DESCRIPTION OF THE TASK >>
Look through the entries below and count every line in which "lerDl" appears; reply with the number only.

Stored items:
Lemma is_derive_oneB t : is_derive t 1 (fun u : R => 1 - u) (-1).
Proof. by apply: is_derive_eq; rewrite add0r mul1r. Qed.

(* Continuity only holds within [0, 1]: [powR] returns 1 on negative arguments. *)
Lemma within01_continuous_powR p : 0 < p ->
  {within `[0, 1], continuous (fun u => u `^ p)}.
Proof.
move=> p0; apply/continuous_within_itvP => //; split.
- move=> t; rewrite in_itv /= => /andP[t0 _].
  exact/is_derive_continuous/is_derive1_powR.
- by rewrite powR0 ?gt_eqF //; exact: powR_cvg0.
- apply: cvg_at_left_filter.
  exact: (@is_derive_continuous (fun u => u `^ p) 1 _ (is_derive1_powR p ltr01)).
Qed.

Lemma cvg_at_left_oneB : (fun u : R => 1 - u) @ 1^'- --> 0^'+.
Proof.
move=> P [e e0 He]; exists e => // u /= hu ul.
apply: He; last by rewrite subr_gt0.
by move: hu; rewrite /ball_ /= sub0r normrN distrC.
Qed.

Lemma within01_continuous_powR_oneB p : 0 < p ->
  {within `[0, 1], continuous (fun u => (1 - u) `^ p)}.
Proof.
move=> p0.
have cont t : t < 1 -> {for t, continuous (fun u => (1 - u) `^ p)}.
  move=> t1; apply: is_derive_continuous (is_derive_powR_comp p (is_derive_oneB t) _).
  by rewrite subr_gt0.
apply/continuous_within_itvP => //; split.
- by move=> t; rewrite in_itv /= => /andP[_ /cont].
- exact/cvg_at_right_filter/cont.
- rewrite subrr powR0 ?gt_eqF //.
  exact: (cvg_comp _ _ cvg_at_left_oneB (powR_cvg0 p0)).
Qed.

Lemma powR_subadditive u v p : 0 <= u -> 0 <= v -> 0 <= p <= 1 ->
  (u + v) `^ p <= u `^ p + v `^ p.
Proof.
move=> u0 v0 /andP[p0 p1].
have [uv0|uv_neq0] := eqVneq (u + v) 0.
  have [-> ->] : u = 0 /\ v = 0 by split; lra.
  by rewrite addr0 lerDl powR_ge0.
have w0 : 0 < u + v by rewrite lt_neqAle eq_sym uv_neq0 addr_ge0.
have frac_le x : 0 <= x -> x <= u + v -> x / (u + v) <= (x / (u + v)) `^ p.
  move=> x0 xw; rewrite le_eqVlt in x0; case/predU1P: x0 => [<-|x0].
    by rewrite mul0r powR_ge0.
  by apply: ger1_powR => //; rewrite divr_gt0 //= ler_pdivrMr // mul1r.
have scale x : 0 <= x -> x `^ p = (x / (u + v)) `^ p * (u + v) `^ p.
  by move=> x0; rewrite -powRM ?divfK ?divr_ge0 ?(ltW w0).
rewrite (scale u u0) (scale v v0) -mulrDl -[leLHS]mul1r ler_wpM2r ?powR_ge0 //.
rewrite -[leLHS](divff (lt0r_neq0 w0)) mulrDl.
by apply: lerD; apply: frac_le; rewrite // ?lerDl ?lerDr.
Qed.

Lemma powR_weight_ge s A B t : 0 < s -> s <= 1 -> 0 <= A <= B -> 0 < t < 1 ->
  A <= B * t `^ s + A * (1 - t) `^ s.
Proof.
move=> s0 s1 /andP[A0 AB] /andP[t0 t1].
have ts : t <= t `^ s by apply: ger1_powR => //; rewrite t0 ltW.
have t's : 1 - t <= (1 - t) `^ s.
  by apply: ger1_powR => //; rewrite subr_gt0 t1 lerBlDr lerDl ltW.
have : A * t `^ s <= B * t `^ s by rewrite ler_wpM2r ?powR_ge0.
have : A * t <= A * t `^ s by rewrite ler_wpM2l.
have : A * (1 - t) <= A * (1 - t) `^ s by rewrite ler_wpM2l.
lra.
Qed.

Lemma young_powR_inv y q : 0 <= y -> 1 <= q -> y `^ q^-1 <= y / q + (1 - q^-1).
Proof.
move=> y0 q1.
have [->|qn1] := eqVneq q 1; first by rewrite invr1 powRr1 // subrr addr0 mulr1.
have q0 : 0 < q by lra.
have iq : q^-1 < 1 by rewrite invf_lt1 // lt_neqAle eq_sym qn1.
have := @conjugate_powR R (y `^ q^-1) 1 q (1 - q^-1)^-1 (powR_ge0 _ _) ler01 q0.
rewrite invr_gt0 subr_gt0 invrK addrC subrK => /(_ iq erefl).
by rewrite mulr1 -powRrM mulVf ?gt_eqF // powRr1 // powR1 mul1r.
Qed.

Lemma young_powR_inv_weighted y q th : 0 <= y -> 1 <= q -> 0 < th ->
  y `^ q^-1 <= th `^ q^-1 * (y / (q * th) + (1 - q^-1)).
Proof.
move=> y0 q1 th0.
have yth0 : 0 <= y / th by rewrite divr_ge0 // ltW.
rewrite -{1}(divfK (lt0r_neq0 th0) y) (powRM _ yth0 (ltW th0)) mulrC.
apply: ler_wpM2l; first exact: powR_ge0.
have -> : y / (q * th) = y / th / q by rewrite -mulrA -invfM [th * q]mulrC.
exact: young_powR_inv.
Qed.

(* The optimal weight is th = C / G. *)
Lemma young_weighted_optimum X K C G q : 0 <= K -> 0 < G -> 0 < C -> 1 <= q ->
  (forall th, 0 < th -> X <= K * (th `^ q^-1 * (C / (q * th) + (1 - q^-1) * G))) ->
  X <= K * (G `^ (1 - q^-1) * C `^ q^-1).
Proof.
move=> K0 G0 C0 q1 /(_ (C / G)) XK; apply: le_trans (XK _) _; first exact: divr_gt0.
have q0 : 0 < q by lra.
have Gq0 : 0 < G `^ q^-1 by rewrite powR_gt0.
have CG : (C / G) `^ q^-1 = C `^ q^-1 / G `^ q^-1.
  apply: (mulIf (lt0r_neq0 Gq0)).
  by rewrite divfK ?gt_eqF // -powRM ?divfK ?gt_eqF // ?divr_ge0 // ltW.
have GG : G `^ (1 - q^-1) = G / G `^ q^-1.
  by rewrite powRB ?(gt_eqF G0) ?implybT // powRr1 // ltW.
rewrite CG GG le_eqVlt; apply/orP; left; apply/eqP.
by field; rewrite !gt_eqF.
Qed.

Definition clamp l r z : R := Num.max l (Num.min z r).

Lemma clamp_itv {l r} z : l <= r -> l <= clamp l r z <= r.
Proof. by move=> lr; rewrite /clamp le_max lexx /= ge_max lr ge_min lexx orbT. Qed.

Lemma clamp_lt_le {l r z t} : clamp l r z < t -> t < r -> z < t.
Proof. by rewrite /clamp gt_max gt_min => /andP[_ /orP[]// /lt_trans h /h]; rewrite ltxx. Qed.

Lemma lt_clamp_le {l r z t} : l < t -> t < clamp l r z -> t < z.
Proof. by rewrite /clamp lt_max lt_min => lt /orP[/lt_trans/(_ lt)|/andP[]//]; rewrite ltxx. Qed.

Lemma clamp_id l r z : l <= z <= r -> clamp l r z = z.
Proof. by case/andP=> lz zr; rewrite /clamp (min_l zr) (max_r lz). Qed.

SOLVED PROBLEM >>
3